Hybrid poplar (Populus sieboldii × P. grandidentata) grown at the nursery of the experimental forests in Kyoto University, Japan was used. For immunostaining, differentiating xylem of poplar was cut into small pieces with a razor blade, soaked immediately in liquid propane cooled with liquid nitrogen, and then immersed into 0.5% glutaraldehyde in acetone cooled at −80 °C for 3 days for freeze substitution. Thereafter, they were washed with acetone three times, displaced in ethanol, and embedded in LR-White resin (London Resin Co. Ltd., Basingatoke, UK).

For the PAL assay, differentiating xylem of poplar was scraped with a knife, homogenized in liquid nitrogen and extracted in 100 mM Tris-HCl (pH 7.4) containing 10 mM 2-mercaptoethanol, 1 mM EDTA, and 1 mM phenymethylsulfonyl fluoride. The homogenate was centrifuged at 10000g for 15 min and the supernatant was centrifuged again at 15000g for 20 min using a Microcon YM-10 (Millipore Corporation, Bedford, MA). Then the supernatant was collected and used for PAL assay and Western blot analysis.

For the C4H assay, differentiating xylem of poplar was extracted in phosphate buffer (pH 7.4) containing 250 mM sucrose, 15 mM 2-mercaptoethanol, 1 mM EDTA and 40 mM L-sodium ascorbate. The homogenate was centrifuged at 10000g for 15 min, and the supernatant was ultracentrifuged at 100000g for 60 min. The pellet was resuspended in 100 mM phosphate buffer (pH 7.4) containing 15 mM 2-mercaptoethanol and ultracentrifuged again at 100000g for 80 min. The pellet was resuspended in 100 mM phosphate buffer containing 1.5 mM 2-mercaptoethanol, and used for assay of C4H.

Whole amino acid sequences of PAL [17] and C4H [21] were used for synthesis of peptides. Three amino acid sequences were selected for epitopes from each amino acid sequence of PAL and C4H using Epitope Adviser software (FQS, Fukuoka, Japan). Because the peptides containing hydrophilic amino acids tend to be exposed on the surface of the native protein, three candidates composed mainly of hydrophilic amino acids were chosen.

Each of these epitopes was composed of 10 amino acids (Table 1). The peptides were synthesized according to the amino acid sequences and conjugated with keyhole limpet hemocyanin (KLH) by Sawady Technology (Tokyo, Japan). The antibodies were raised in mice (6 weeks of age, BALB/C, female). Pre-immune serum was taken from each mouse before the first injection of the antigen. The conjugates were dissolved in phosphate buffered saline (PBS), mixed with the same volume of Freund's adjuvant, and intraperitoneally injected into the mice. The injection was repeated five times at 2-week intervals in the same way, except that Freund's incomplete adjuvant was used. Three days after the last injection, antiserum was taken from the immunized mice, and used for immunolabeling.

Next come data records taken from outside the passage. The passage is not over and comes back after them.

Lemma is_series_expansion_term x : in_unit_cube x ->
  is_series (fun n => expansion_term n x) (integrand p d r s t z x).
Proof.
  intros Hx. rewrite integrand_gen_fun by exact Hx.
  apply (@is_series_scal C_AbsRing C_NormedModule).
  apply is_series_gen_coef; [|now apply Cmod_inv_lt_1].
  intros i. now apply Cmod_block_prod_le_1.
Qed.

Lemma expansion_term_dominated : exists M : nat -> R, ex_series M /\
  forall n x, in_unit_cube x -> (Cmod (expansion_term n x) <= M n)%R.
Proof.
  set (u := RtoC (Cmod (/ z))).
  exists (fun n => Cmod expansion_scale
                   * Cmod (u ^ n * gen_coef t (fun _ => 1) (fun _ => 1) (p - 1) 1 (S n)))%R.
  assert (Hu : Cmod u = Cmod (/ z))
    by (unfold u; rewrite Cmod_R; apply Rabs_right, Rle_ge, Cmod_ge_0).
  split.
  - destruct (is_series_gen_coef t (fun _ => 1) (fun _ => 1) (p - 1)) with (j := 1%nat) (w := u)
      as [_ H]; [intros; rewrite Cmod_1; lra|rewrite Hu; now apply Cmod_inv_lt_1|].
    exact (@ex_series_scal R_AbsRing R_NormedModule (Cmod expansion_scale) _ H).
  - intros n x Hx. unfold expansion_term. rewrite !Cmod_mult, !Cmod_pow, Hu.
    apply Rmult_le_compat_l; [apply Cmod_ge_0|].
    apply Rmult_le_compat_l; [apply pow_le, Cmod_ge_0|].
    eapply Rle_trans; [|apply re_le_Cmod]. eapply Rle_trans; [|apply Rle_abs].
    apply Cmod_gen_coef_le; intros i;
      [now apply Cmod_block_weight_le_1|now apply Cmod_block_prod_le_1].
Qed.

Lemma is_iint_expansion_term n : is_iint (d p) (expansion_term n)
  (/ Cpow z (fold_right Nat.add 0%nat (map t (seq 1 p)) + p - 1)
   * cprod 1 p (fun j => Cpow (RtoC (INR (fact (s j)))) (d j - d (j - 1))%nat
                         / RtoC (INR (fact (t j))))
   * series_term p d r s t z n).
Proof.
  set (T := fold_right Nat.add 0%nat (map t (seq 1 p))).
  set (c := expansion_scale).
  assert (Hsep : separable (d (1 - 1)%nat) (fun _ => c * (/ z) ^ n) (c * (/ z) ^ n))
    by (simpl; rewrite d_0; apply separable_const).
  pose proof (is_iint_gen_coef p d r s t d_incr (p - 1) 1 (S n) _ _
                ltac:(lia) (le_n 1) ltac:(lia) Hsep) as H.
  replace (S (p - 1)) with p in H by lia.
  replace (/ z ^ _ * _ * series_term p d r s t z n) with (c * (/ z) ^ n
    * cprod 1 p (fun i => RtoC (INR (fact (s i))) ^ (d i - d (i - 1))%nat)
    * tail_sum d r s t (p - 1) 1 (S n)).
  - eapply is_iint_ext, H. intros x _. unfold expansion_term. fold c. ring.
  - symmetry. unfold series_term, c, expansion_scale, Cdiv. fold T.
    rewrite cprod_mult, <- !Cpow_inv by now apply neq_0_of_Cmod_gt_1.
    replace (T + p)%nat with (S (T + p - 1)) by lia. simpl. rewrite Nat.sub_0_r. ring.
Qed.

End Expansion.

The specificity of antiserums against PAL and C4H peptides was examined by dot blot and Western blot assay. For dot blot, 2 μl of KLH solution, peptides conjugated with KLH, and crude enzyme extracts from differentiating xylem of poplar were spotted on sheets of nylon membrane (Biodine B/Pall, East Hills, NY). The sheets were incubated with blocking buffer containing 3% skim milk in PBS. The antiserums against PAL and C4H peptides, the antiserums pre-incubated with KLH, and pre-immune serum were diluted 1:200 with 3% skim milk in PBS, and were used to incubate the sheets. Then sheets were incubated with alkaline phosphatase-conjugated goat antiserum against mouse IgG (ICN Pharmaceuticals, Aurora, OH). The antiserum was detected by p-nitroblue tetrazolium (NBT) and 5-bromo-4-chloro-3-indolylphosphate (BCIP). For Western blot, the crude enzymes were charged to sodium dodecyl sulfate polyacrylamide gel electrophoresis (SDS-PAGE) performed with 10% polyacrylamide gels. The separated proteins were transferred to PVDF membrane (Bio-Rad, Hercules, CA). After incubation with antiserum against PAL and C4H peptides, both membranes were stained according to the same procedure for dot-blot assay.

PAL activity was measured by using the crude enzymes extracted from the differentiating xylem of poplar. For immuno-inhibition assay, the enzymes solution was pre-incubated with the antiserum against PAL peptides or pre-immune serum for 30 min, followed by incubation with Magna Bind anti-mouse IgG (PIERCE, Rockford, IL) for 15 min at room temperature. The protein concentration of antiserums was checked by the Bradford assay monitored at 595 nm using a spectrophotometer (UV-1600; SHIMADZU, Japan). After centrifugation, the supernatants were mixed with 20 mM L-phenylalanine in 100 mM phosphate buffer (pH 7.4), and incubated for 60 min at 35 °C. The reaction was stopped by adding 5 N HCl. Thereafter trans-cinnamic acid in the reaction mixtures was monitored at 268 nm. The reaction mixture without l-phenylalanine was also measured as a control.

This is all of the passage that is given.